That is essentially true of all the people you’ll meet here: Each seems to have found his or her proper place in the world with work that gives life meaning and helps feed his or her soul. Gunn is the focus of the first chapter: someone happy to the extent that is possible in a stressful, intense job that occasionally causes her to reach a breaking point. The focus of chapter two is Mark Seiden, an impish computer prodigy with the pluck of a con man—in the parlance of information security, a master of social engineering (here, eliciting information from people through deception). These days Seiden, who is in his sixties, takes on all kinds of projects, but in his day he was a master pen tester, as good as any in the business at sniffing out creases in the security systems of some of the planet’s largest corporations. He might slip on a FedEx shirt and push a hand truck for a caper, or play the part of the Iron Mountain employee there to pick up boxes of sensitive information bound for the shredder. “It’s amazing what a windbreaker and clipboard can do,” said Seiden, a former IBM programmer who also worked for the legendary Xerox PARC.
Parisa Tabriz and Dave Weinstein are the focus of two chapters: ministers of defense, as I see them, occupying important jobs at Google. Weinstein is a middle manager doing security for Android, the operating system the company wrote for mobile devices—no easy job given how often Android is in the news because of a security breach. (A sample headline from 2018: “Here we go again: Newly discovered Android vulnerability can be used to spy on you.”) Tabriz is the self-proclaimed “security princess” who oversees Chrome, the globe’s dominant web browser. She is the more acclaimed of the two—and, as a director of engineering at Google, much higher on the company org chart. Tabriz has been on CNN and profiled in Elle and Wired, which in 2017 put her on its list of “20 Tech Visionaries.” She has lectured at Harvard’s Kennedy School and consulted both with the White House during Barack Obama’s presidency and with Hollywood writers interested in a more accurate depiction of cybersecurity in movies and on TV. Maybe most impressively, she was the keynote speaker at Black Hat in 2018.
Patrick Wardle, one of the more interesting bug hunters I came across, is the focus of the next chapter. Wardle, who went from emancipated minor at age fifteen to a hilltop in Maui, worked at the NSA, the U.S. government’s main spy agency, before venturing out on his own. He is not yet thirty-five, but has already cofounded a pair of startups. He also might stand as Apple’s least favorite person in the security world. The best way to make a name for yourself in the security research world is to have a specialty. “You really want to be an expert in one thing,” Wardle said—he chose macOS.

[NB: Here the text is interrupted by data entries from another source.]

(* Let $G=(V,E)$ be a directed graph with a partition of $V$ into disjoint regions $R_1,\dots,R_k$, let $f\in\mathbb{N}$, $\ell=2f+1$, $V'=V\times[\ell]$, $v_i=(v,i)$, $P(v_i)=v$, and $E'=\bigcup_{e\in E}E'_e$ where for $e=(v,w)\in E$, $E'_e=\{(v_i,w_i): i\in[\ell]\}$ if $v,w$ lie in the same region and $E'_e=\{(v_i,w_j): i,j\in[\ell]\}$ otherwise. For $v'\in V'$ and $(w,P(v'))\in E$ let $N_{v'}(w)=\{w'\in V': P(w')=w,\ (w',v')\in E'\}$. Let $A$ be a scheduling algorithm on $G$ and $A'$ the algorithm in which each non-faulty $v'\in V'$: (1) initializes local copies of the state variables of $P(v')$ as in $A$; (2) in each round sends on each link $(v',w')\in E'$ the message $P(v')$ would send on $(P(v'),P(w'))$ under $A$ according to its local state; (3) updates its state in each round as if $P(v')$ received, for each $(w,P(v'))\in E$, the message sent by the majority of the nodes in $N_{v'}(w)$. Let $F'\subseteq V'$ be a set of Byzantine nodes such that for each $k'\in[k]$ there are at least $f+1$ indices $i\in[\ell]$ with $\{v_i:v\in R_{k'}\}\cap F'=\emptyset$. Then $A'$ simulates $A$: assuming each non-faulty $v'$ receives the same environment input as $P(v')$, for each $v\in V$ a strict majority of its copies $v_1,\dots,v_\ell$ compute in every round the state of $v$ in the fault-free execution of $A$ on $G$.
   Context: Networks are synchronous directed graphs running a scheduling algorithm (each round: send messages on outgoing links based on state, then update state from received messages and environment input). Byzantine faulty nodes may behave arbitrarily. $[\ell]=\{1,\dots,\ell\}$. *)

From mathcomp Require Import all_boot.
Set Implicit Arguments. Unset Strict Implicit. Unset Printing Implicit Defensive.

(* ell = 2f+1; the index set [ell] is modelled as 'I_(ell f) = {0,...,2f} *)
Definition ell (f : nat) : nat := (2 * f + 1)%N.

Definition EP (V : finType) (k f : nat) (E : rel V) (region : V -> 'I_k) :
  rel (V * 'I_(ell f)) :=
  fun u w => E u.1 w.1 && ((region u.1 != region w.1) || (u.2 == w.2)).

Definition maj (M : eqType) (s : seq M) : option M :=
  ohead [seq m <- s | size s < 2 * count_mem m s].

(* A scheduling algorithm on G=(V,E) is given by
   init   : initial state of each node,
   send v w s : message v sends on link (v,w) when in state s,
   update v s rcv x : new state of v from old state s, received messages
     rcv w (Some m for an in-neighbour w, None otherwise), environment input x. *)
Fixpoint execA (V : finType) (S M I : Type) (E : rel V) (init : V -> S)
  (send : V -> V -> S -> M) (update : V -> S -> (V -> option M) -> I -> S)
  (input : nat -> V -> I) (r : nat) : V -> S :=
  match r with
  | 0 => init
  | r'.+1 => fun v =>
      update v (execA E init send update input r' v)
        (fun w => if E w v then Some (send w v (execA E init send update input r' w))
                  else None)
        (input r' v)
  end.

(* Faulty nodes u' send arbitrary messages byz r u' v' (per round and per link).
   Non-faulty v' keeps a local copy of the state of P(v') = v'.1, sends what P(v')
   would send, and updates as P(v') would, using for each in-neighbour w of P(v')
   the majority message among N_{v'}(w) = {w' | P(w') = w, (w',v') in E'}
   (None = "no message", if no strict majority exists), and input of P(v'). *)
Fixpoint execA' (V : finType) (S : Type) (M : eqType) (I : Type) (k f : nat)
  (E : rel V) (region : V -> 'I_k) (init : V -> S)
  (send : V -> V -> S -> M) (update : V -> S -> (V -> option M) -> I -> S)
  (input : nat -> V -> I) (F' : {set (V * 'I_(ell f))})
  (byz : nat -> V * 'I_(ell f) -> V * 'I_(ell f) -> M)
  (r : nat) : V * 'I_(ell f) -> S :=
  match r with
  | 0 => fun v' => init v'.1
  | r'.+1 => fun v' =>
      update v'.1 (execA' E region init send update input F' byz r' v')
        (fun w =>
           if E w v'.1 then
             maj [seq (if u \in F' then byz r' u v'
                       else send u.1 v'.1
                              (execA' E region init send update input F' byz r' u))
                 | u <- enum [pred u : V * 'I_(ell f) | (u.1 == w) && EP E region u v']]
           else None)
        (input r' v'.1)
  end.

(* Call a copy (v, i) sound when layer i of v's region contains no faulty
   node; by hypothesis every region has at least f + 1 sound layers.  By
   induction on rounds, every sound copy tracks the fault-free state of v.
   Indeed, for an in-neighbour w of v in the same region, N_{(v,i)}(w) is the
   single copy (w, i), which is sound; for w in another region, N_{(v,i)}(w)
   has at most 2f + 1 members, of which at least f + 1 are sound and hence
   send the correct message, a strict majority.  Since 2(f + 1) > 2f + 1,
   the sound layers of a region are themselves a strict majority of [ell]. *)

From mathcomp Require Import all_boot zify.
From Stdlib Require Import FunctionalExtensionality.

Lemma maj_strict (M : eqType) (s : seq M) (m : M) :
  size s < 2 * count_mem m s -> maj s = Some m.
Proof.
move=> maj_m; rewrite /maj.
have only_m x : size s < 2 * count_mem x s -> x = m.
  move=> maj_x; apply/eqP/negPn/negP => neq_xm.
  have := count_predUI (pred1 x) (pred1 m) s.
  rewrite (@eq_count _ (predI _ _) pred0) ?count_pred0 ?addn0 => [disj|y /=].
    by have := count_size (predU (pred1 x) (pred1 m)) s; lia.
  by case: eqP => // ->; rewrite (negbTE neq_xm).
have m_in : m \in [seq x <- s | size s < 2 * count_mem x s].
  by rewrite mem_filter maj_m -has_pred1 has_count; lia.
case: [seq x <- s | _] (filter_all (fun x => size s < 2 * count_mem x s) s) m_in
  => //= x t.
by case/andP => /only_m ->.
Qed.

Lemma maj_map_enum (T : finType) (M : eqType) (P Q : pred T) (g : T -> M) (m : M) :
  {in P, forall u, Q u -> g u = m} -> #|P| < 2 * #|[predI P & Q]| ->
  maj [seq g u | u <- enum P] = Some m.
Proof.
move=> agree maj_PQ; apply: maj_strict.
rewrite size_map -cardE (leq_trans maj_PQ) // leq_mul2l /= count_map.
rewrite cardE /enum_mem size_filter -enumT count_filter.
by apply: sub_count => u /= /andP [Pu Qu]; rewrite agree ?eqxx.
Qed.

Section Simulation.

Set Implicit Arguments.
Unset Strict Implicit.

Variables (V : finType) (E : rel V) (k : nat) (region : V -> 'I_k) (f : nat).
Variables (S : Type) (M : eqType) (I : Type) (init : V -> S).
Variables (send : V -> V -> S -> M) (update : V -> S -> (V -> option M) -> I -> S).
Variables (input : nat -> V -> I) (F' : {set V * 'I_(ell f)}).
Variable (byz : nat -> V * 'I_(ell f) -> V * 'I_(ell f) -> M).

Local Notation exec := (execA E init send update input).
Local Notation exec' := (execA' E region init send update input F' byz).

Definition fault_free_copies (c : 'I_k) : {set 'I_(ell f)} :=
  [set i | [forall v, (region v == c) ==> ((v, i) \notin F')]].

Hypothesis enough_fault_free_copies : forall c, f + 1 <= #|fault_free_copies c|.

Definition sound_copy (u : V * 'I_(ell f)) : bool :=
  u.2 \in fault_free_copies (region u.1).

Definition nbhd_copies (w : V) (v' : V * 'I_(ell f)) : pred (V * 'I_(ell f)) :=
  [pred u | (u.1 == w) && EP E region u v'].

Lemma sound_copy_nonfaulty u : sound_copy u -> u \notin F'.
Proof. by case: u => v i; rewrite /sound_copy inE => /forallP /(_ v); rewrite eqxx. Qed.

Lemma card_nbhd_copies_le w v' : #|nbhd_copies w v'| <= ell f.
Proof.
rewrite -[X in _ <= X]card_ord.
apply: leq_trans (leq_imset_card (pair w) 'I_(ell f)).
apply/subset_leq_card/subsetP => -[w' j] /andP [/= /eqP -> _].
exact: imset_f.
Qed.

Lemma nbhd_copies_same_region w v i :
  E w v -> region w = region v -> nbhd_copies w (v, i) =i pred1 (w, i).
Proof.
move=> Ewv same_region [w' j]; rewrite !inE /EP xpair_eqE /=.
by case: eqP => [-> | //]; rewrite Ewv same_region eqxx.
Qed.

Lemma nbhd_copies_cross_region w v i j :
  E w v -> region w != region v -> (w, j) \in nbhd_copies w (v, i).
Proof. by move=> Ewv cross; rewrite !inE /EP /= eqxx Ewv cross. Qed.

Lemma nbhd_copies_sound_majority w v i :
  E w v -> sound_copy (v, i) ->
  #|nbhd_copies w (v, i)| < 2 * #|[predI nbhd_copies w (v, i) & sound_copy]|.
Proof.
move=> Ewv sound_vi; have [same | cross] := eqVneq (region w) (region v).
  have sound_wi : sound_copy (w, i) by rewrite /sound_copy same.
  have nbhd_wi := nbhd_copies_same_region i Ewv same.
  rewrite (eq_card1 nbhd_wi) (@eq_card1 _ (w, i)) // => u.
  by rewrite inE /= nbhd_wi inE; case: eqP => [->|].
have : #|fault_free_copies (region w)| <= #|[predI nbhd_copies w (v, i) & sound_copy]|.
  rewrite -(card_imset _ (@can_inj _ _ (pair w) snd (fun _ => erefl))).
  apply/subset_leq_card/subsetP => _ /imsetP [j good_j ->].
  by rewrite inE nbhd_copies_cross_region.
have := card_nbhd_copies_le w (v, i).
have := enough_fault_free_copies (region w); rewrite /ell; lia.
Qed.

Lemma execA'_sound r u : sound_copy u -> exec' r u = exec r u.1.
Proof.
elim: r u => [//|r IH] [v i] /= sound_vi.
rewrite IH //; congr update; apply: functional_extensionality => w.
case: ifP => // Ewv.
apply: maj_map_enum (nbhd_copies_sound_majority Ewv sound_vi) => u.
move=> /andP [/eqP uw _] sound_u.
by rewrite (negbTE (sound_copy_nonfaulty sound_u)) IH // uw.
Qed.

End Simulation.

Theorem lemma8 (V : finType) (E : rel V) (k : nat) (region : V -> 'I_k)
  (f : nat) (S : Type) (M : eqType) (I : Type)
  (init : V -> S) (send : V -> V -> S -> M)
  (update : V -> S -> (V -> option M) -> I -> S)
  (input : nat -> V -> I)
  (F' : {set (V * 'I_(ell f))})
  (byz : nat -> V * 'I_(ell f) -> V * 'I_(ell f) -> M) :
  (forall k' : 'I_k,
     f + 1 <= #|[set i : 'I_(ell f) |
                 [forall v : V, (region v == k') ==> ((v, i) \notin F')]]|) ->
  forall v : V,
    exists Idx : {set 'I_(ell f)},
      ell f < 2 * #|Idx| /\
      forall i, i \in Idx ->
        (v, i) \notin F' /\
        forall r : nat,
          execA' E region init send update input F' byz r (v, i) =
          execA E init send update input r v.
Proof.
move=> enough_fault_free_sets v.
have enough_fault_free c : f + 1 <= #|fault_free_copies region F' c|.
  exact: enough_fault_free_sets.
exists (fault_free_copies region F' (region v)); split.
  by have := enough_fault_free (region v); rewrite /ell; lia.
move=> i sound_vi; split; first exact: (@sound_copy_nonfaulty _ _ region _ F' (v, i)).
by move=> r; apply: (execA'_sound _ _ _ _ _ _ enough_fault_free r (u := (v, i))).
Qed.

Finally, there’s Allison Wong, whose story I tell because hers is one that demands to be told. A working-class kid from Houston, her introduction to the internet was the PC her family kept in the living room so they could stay in touch with her father, who was in the military. She was programming by age ten; by fifteen, she was working tech support at a local ISP, less for the money, she said, than the free bandwidth. She was seventeen when she went to work at NASA on the space shuttle program. By twenty-one, she was a globetrotting security consultant and engaged to a Ukrainian hacker.
Now thirty-eight, Wong has done a little bit of everything in the computer security world. She spent several years as a firefighter and has done her share of penetration testing. She’s also done defense work for major companies including eBay and Visa, and created products for McAfee and Symantec. These days she is the CEO of the security startup she cofounded with a friend, and active in Women in Technology, a group that reaches into area high schools and local colleges to get girls thinking about the potential for a career in science, technology, engineering, or math (STEM).
It’s never more obvious how great a life in computer security can be, Wong said, as when she speaks before an auditorium of young women. “The idea is to get girls to look at computers as a career path,” she said. “I always say the same thing at these things,” Wong told me: At least consider info-sec as a career path. It’s a sector that offers a wide range of options and the pay is a huge plus. “It’s a cool job,” she’ll say. “If you stay in it for four years and show you’re good, you’ll make in the six figures. And not just the low six figures.” Plus one more advantage, she tells them. “It’s not a job you can get bored at. If you get bored, you’re doing something wrong.”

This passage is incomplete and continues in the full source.